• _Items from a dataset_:
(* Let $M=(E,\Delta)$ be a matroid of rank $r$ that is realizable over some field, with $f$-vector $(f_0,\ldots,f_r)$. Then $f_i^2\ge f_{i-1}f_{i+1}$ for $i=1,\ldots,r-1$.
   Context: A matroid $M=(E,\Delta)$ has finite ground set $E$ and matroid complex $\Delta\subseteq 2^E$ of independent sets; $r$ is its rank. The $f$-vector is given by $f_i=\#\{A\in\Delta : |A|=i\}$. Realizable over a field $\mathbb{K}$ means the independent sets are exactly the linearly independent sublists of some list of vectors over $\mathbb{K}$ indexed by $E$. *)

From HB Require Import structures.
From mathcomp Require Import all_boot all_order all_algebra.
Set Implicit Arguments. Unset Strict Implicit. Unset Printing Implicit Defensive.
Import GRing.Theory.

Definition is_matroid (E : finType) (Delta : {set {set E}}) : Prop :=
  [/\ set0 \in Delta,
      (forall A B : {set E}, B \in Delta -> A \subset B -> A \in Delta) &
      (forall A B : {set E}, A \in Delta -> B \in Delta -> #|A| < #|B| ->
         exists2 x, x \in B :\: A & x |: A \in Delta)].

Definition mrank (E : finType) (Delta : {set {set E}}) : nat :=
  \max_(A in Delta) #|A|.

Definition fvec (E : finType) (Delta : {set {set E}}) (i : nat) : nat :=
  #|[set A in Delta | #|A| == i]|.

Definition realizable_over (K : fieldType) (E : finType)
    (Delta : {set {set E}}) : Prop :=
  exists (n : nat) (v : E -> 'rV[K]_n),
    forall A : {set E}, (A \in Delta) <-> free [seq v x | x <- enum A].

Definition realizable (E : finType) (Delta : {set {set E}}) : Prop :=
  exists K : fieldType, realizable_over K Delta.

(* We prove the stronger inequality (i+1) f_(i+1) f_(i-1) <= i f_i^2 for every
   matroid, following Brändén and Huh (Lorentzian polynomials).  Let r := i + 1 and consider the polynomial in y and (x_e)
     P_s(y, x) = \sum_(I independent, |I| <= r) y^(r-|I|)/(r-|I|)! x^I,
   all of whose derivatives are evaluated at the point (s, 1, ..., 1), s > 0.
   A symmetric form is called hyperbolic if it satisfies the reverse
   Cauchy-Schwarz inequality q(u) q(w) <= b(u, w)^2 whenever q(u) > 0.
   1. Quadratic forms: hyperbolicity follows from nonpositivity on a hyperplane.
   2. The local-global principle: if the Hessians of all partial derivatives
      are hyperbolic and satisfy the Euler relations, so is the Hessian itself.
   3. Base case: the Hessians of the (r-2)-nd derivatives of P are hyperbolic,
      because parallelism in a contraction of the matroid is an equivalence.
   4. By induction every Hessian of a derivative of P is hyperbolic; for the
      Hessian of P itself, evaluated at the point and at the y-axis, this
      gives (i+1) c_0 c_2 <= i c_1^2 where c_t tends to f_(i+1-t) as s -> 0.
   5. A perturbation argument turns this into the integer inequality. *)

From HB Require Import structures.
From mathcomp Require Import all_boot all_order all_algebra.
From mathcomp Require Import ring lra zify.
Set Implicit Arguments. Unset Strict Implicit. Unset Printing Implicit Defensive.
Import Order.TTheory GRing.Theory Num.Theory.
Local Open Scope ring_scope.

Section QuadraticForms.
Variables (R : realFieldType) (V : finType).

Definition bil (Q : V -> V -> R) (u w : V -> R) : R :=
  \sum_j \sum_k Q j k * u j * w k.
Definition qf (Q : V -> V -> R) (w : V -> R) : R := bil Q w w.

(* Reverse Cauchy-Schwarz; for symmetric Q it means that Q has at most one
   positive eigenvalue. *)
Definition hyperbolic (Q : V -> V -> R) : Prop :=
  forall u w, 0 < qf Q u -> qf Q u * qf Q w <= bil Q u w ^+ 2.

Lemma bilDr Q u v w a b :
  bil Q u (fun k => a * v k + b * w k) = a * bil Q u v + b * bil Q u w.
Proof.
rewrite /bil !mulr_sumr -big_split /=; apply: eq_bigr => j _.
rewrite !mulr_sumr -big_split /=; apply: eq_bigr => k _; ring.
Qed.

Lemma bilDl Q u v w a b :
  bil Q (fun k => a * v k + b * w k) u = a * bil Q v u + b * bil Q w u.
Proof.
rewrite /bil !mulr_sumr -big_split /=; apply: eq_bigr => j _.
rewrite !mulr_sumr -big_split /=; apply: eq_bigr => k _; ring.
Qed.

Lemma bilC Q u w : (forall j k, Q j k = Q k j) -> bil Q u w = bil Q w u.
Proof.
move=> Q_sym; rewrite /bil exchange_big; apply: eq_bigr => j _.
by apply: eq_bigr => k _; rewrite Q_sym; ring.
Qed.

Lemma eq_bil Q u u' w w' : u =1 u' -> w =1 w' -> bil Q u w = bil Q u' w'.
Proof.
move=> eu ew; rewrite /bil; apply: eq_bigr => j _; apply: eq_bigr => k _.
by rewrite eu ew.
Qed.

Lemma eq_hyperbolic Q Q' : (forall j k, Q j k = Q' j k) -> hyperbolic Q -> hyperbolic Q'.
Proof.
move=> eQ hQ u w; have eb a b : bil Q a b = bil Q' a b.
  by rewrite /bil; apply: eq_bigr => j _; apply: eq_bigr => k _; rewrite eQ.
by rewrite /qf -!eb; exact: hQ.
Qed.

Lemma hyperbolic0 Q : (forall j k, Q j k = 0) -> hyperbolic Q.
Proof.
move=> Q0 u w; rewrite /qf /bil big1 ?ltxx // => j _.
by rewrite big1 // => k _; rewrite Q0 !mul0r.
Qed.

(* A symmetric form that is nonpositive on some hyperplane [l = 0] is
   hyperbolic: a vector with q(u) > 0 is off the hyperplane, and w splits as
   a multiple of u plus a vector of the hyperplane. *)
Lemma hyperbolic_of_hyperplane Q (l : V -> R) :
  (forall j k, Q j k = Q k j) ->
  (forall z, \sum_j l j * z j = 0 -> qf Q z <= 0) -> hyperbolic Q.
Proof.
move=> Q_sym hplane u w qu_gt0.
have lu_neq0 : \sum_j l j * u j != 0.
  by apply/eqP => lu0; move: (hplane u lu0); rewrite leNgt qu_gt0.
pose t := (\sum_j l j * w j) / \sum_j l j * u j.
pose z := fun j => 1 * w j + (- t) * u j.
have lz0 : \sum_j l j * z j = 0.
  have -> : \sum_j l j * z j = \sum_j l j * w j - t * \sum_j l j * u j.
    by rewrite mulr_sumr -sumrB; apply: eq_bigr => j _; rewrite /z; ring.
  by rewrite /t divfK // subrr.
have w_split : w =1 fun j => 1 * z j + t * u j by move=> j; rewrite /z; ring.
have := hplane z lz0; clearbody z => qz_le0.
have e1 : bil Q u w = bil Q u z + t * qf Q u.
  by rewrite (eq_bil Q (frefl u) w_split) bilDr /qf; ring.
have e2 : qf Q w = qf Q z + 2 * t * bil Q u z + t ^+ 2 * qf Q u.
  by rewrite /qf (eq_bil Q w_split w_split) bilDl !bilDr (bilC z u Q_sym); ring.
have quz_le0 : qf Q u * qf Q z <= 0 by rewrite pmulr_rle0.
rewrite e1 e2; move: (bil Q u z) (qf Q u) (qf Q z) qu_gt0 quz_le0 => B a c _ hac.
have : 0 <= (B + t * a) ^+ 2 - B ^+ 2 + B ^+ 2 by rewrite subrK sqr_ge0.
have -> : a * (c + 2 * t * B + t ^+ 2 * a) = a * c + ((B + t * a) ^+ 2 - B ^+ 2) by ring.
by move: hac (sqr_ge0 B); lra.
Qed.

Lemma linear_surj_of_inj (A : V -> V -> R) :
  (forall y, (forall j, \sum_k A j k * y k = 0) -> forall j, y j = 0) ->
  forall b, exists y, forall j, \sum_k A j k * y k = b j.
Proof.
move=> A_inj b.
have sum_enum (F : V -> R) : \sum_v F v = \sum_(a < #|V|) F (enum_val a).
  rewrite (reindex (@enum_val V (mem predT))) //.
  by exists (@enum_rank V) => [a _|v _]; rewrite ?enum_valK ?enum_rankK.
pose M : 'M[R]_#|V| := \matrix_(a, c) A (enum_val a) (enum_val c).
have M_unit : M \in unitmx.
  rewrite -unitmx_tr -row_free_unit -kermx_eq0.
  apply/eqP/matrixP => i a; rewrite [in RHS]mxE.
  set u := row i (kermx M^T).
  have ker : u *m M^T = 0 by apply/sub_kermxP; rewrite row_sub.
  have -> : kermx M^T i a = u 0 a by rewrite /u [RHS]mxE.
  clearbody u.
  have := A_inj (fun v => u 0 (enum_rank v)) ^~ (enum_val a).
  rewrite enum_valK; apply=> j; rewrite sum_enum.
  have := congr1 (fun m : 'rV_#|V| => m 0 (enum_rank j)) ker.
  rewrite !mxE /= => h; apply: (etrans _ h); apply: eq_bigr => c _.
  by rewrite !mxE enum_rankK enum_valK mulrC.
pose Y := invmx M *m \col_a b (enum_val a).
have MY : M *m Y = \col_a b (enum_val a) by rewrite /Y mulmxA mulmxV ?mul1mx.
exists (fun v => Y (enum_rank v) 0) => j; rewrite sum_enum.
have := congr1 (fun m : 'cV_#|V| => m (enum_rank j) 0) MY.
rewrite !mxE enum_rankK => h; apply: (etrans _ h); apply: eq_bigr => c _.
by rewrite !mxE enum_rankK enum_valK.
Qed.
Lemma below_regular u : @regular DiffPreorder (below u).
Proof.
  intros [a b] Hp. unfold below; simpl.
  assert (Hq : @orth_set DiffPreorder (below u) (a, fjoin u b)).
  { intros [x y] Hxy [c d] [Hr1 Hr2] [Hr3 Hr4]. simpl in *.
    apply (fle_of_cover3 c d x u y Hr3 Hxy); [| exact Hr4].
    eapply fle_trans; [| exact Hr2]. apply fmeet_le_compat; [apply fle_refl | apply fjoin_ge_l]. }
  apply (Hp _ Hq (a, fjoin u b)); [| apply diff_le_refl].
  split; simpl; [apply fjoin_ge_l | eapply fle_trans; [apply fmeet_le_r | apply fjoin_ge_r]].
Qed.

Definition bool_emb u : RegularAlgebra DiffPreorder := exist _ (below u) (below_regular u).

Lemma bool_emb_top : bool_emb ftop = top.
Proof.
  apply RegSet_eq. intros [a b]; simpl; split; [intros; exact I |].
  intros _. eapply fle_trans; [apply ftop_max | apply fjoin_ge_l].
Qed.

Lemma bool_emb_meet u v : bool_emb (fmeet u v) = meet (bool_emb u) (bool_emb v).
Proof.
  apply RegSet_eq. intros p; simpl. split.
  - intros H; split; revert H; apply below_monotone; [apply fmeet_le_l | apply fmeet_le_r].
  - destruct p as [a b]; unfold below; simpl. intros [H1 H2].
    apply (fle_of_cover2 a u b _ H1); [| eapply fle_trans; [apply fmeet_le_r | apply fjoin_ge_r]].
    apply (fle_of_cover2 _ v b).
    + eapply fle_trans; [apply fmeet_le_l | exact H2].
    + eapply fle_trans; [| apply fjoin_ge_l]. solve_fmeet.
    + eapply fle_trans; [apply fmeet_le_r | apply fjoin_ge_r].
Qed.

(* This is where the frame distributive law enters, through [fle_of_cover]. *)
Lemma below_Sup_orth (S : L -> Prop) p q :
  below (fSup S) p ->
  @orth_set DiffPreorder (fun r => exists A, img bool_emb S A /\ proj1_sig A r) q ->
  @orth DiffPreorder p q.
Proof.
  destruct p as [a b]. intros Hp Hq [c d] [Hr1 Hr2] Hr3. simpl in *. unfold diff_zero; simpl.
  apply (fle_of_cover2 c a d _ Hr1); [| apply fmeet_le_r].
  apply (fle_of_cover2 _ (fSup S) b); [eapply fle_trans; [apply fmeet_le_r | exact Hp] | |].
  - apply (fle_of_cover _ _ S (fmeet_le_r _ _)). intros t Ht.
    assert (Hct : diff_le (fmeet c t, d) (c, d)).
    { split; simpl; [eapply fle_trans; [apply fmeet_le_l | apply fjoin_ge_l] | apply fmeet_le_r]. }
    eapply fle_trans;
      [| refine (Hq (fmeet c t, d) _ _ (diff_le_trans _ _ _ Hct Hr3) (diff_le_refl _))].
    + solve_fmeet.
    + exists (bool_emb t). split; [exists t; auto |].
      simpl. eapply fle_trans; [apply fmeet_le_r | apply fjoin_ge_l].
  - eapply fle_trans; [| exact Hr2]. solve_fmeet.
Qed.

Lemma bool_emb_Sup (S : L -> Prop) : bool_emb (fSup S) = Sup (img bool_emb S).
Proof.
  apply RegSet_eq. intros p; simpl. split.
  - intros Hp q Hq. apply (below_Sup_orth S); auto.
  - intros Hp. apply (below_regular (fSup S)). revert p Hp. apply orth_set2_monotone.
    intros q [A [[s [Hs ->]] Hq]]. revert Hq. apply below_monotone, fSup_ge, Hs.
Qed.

• _Task description_:
Using the entries above, give again exactly the lines from the line holding "apply (fle_of_cover2 a" through the line holding "- intros Hp.". Include both end lines and nothing else.

• _Task answer_:
    apply (fle_of_cover2 a u b _ H1); [| eapply fle_trans; [apply fmeet_le_r | apply fjoin_ge_r]].
    apply (fle_of_cover2 _ v b).
    + eapply fle_trans; [apply fmeet_le_l | exact H2].
    + eapply fle_trans; [| apply fjoin_ge_l]. solve_fmeet.
    + eapply fle_trans; [apply fmeet_le_r | apply fjoin_ge_r].
Qed.

(* This is where the frame distributive law enters, through [fle_of_cover]. *)
Lemma below_Sup_orth (S : L -> Prop) p q :
  below (fSup S) p ->
  @orth_set DiffPreorder (fun r => exists A, img bool_emb S A /\ proj1_sig A r) q ->
  @orth DiffPreorder p q.
Proof.
  destruct p as [a b]. intros Hp Hq [c d] [Hr1 Hr2] Hr3. simpl in *. unfold diff_zero; simpl.
  apply (fle_of_cover2 c a d _ Hr1); [| apply fmeet_le_r].
  apply (fle_of_cover2 _ (fSup S) b); [eapply fle_trans; [apply fmeet_le_r | exact Hp] | |].
  - apply (fle_of_cover _ _ S (fmeet_le_r _ _)). intros t Ht.
    assert (Hct : diff_le (fmeet c t, d) (c, d)).
    { split; simpl; [eapply fle_trans; [apply fmeet_le_l | apply fjoin_ge_l] | apply fmeet_le_r]. }
    eapply fle_trans;
      [| refine (Hq (fmeet c t, d) _ _ (diff_le_trans _ _ _ Hct Hr3) (diff_le_refl _))].
    + solve_fmeet.
    + exists (bool_emb t). split; [exists t; auto |].
      simpl. eapply fle_trans; [apply fmeet_le_r | apply fjoin_ge_l].
  - eapply fle_trans; [| exact Hr2]. solve_fmeet.
Qed.

Lemma bool_emb_Sup (S : L -> Prop) : bool_emb (fSup S) = Sup (img bool_emb S).
Proof.
  apply RegSet_eq. intros p; simpl. split.
  - intros Hp q Hq. apply (below_Sup_orth S); auto.
  - intros Hp. apply (below_regular (fSup S)). revert p Hp. apply orth_set2_monotone.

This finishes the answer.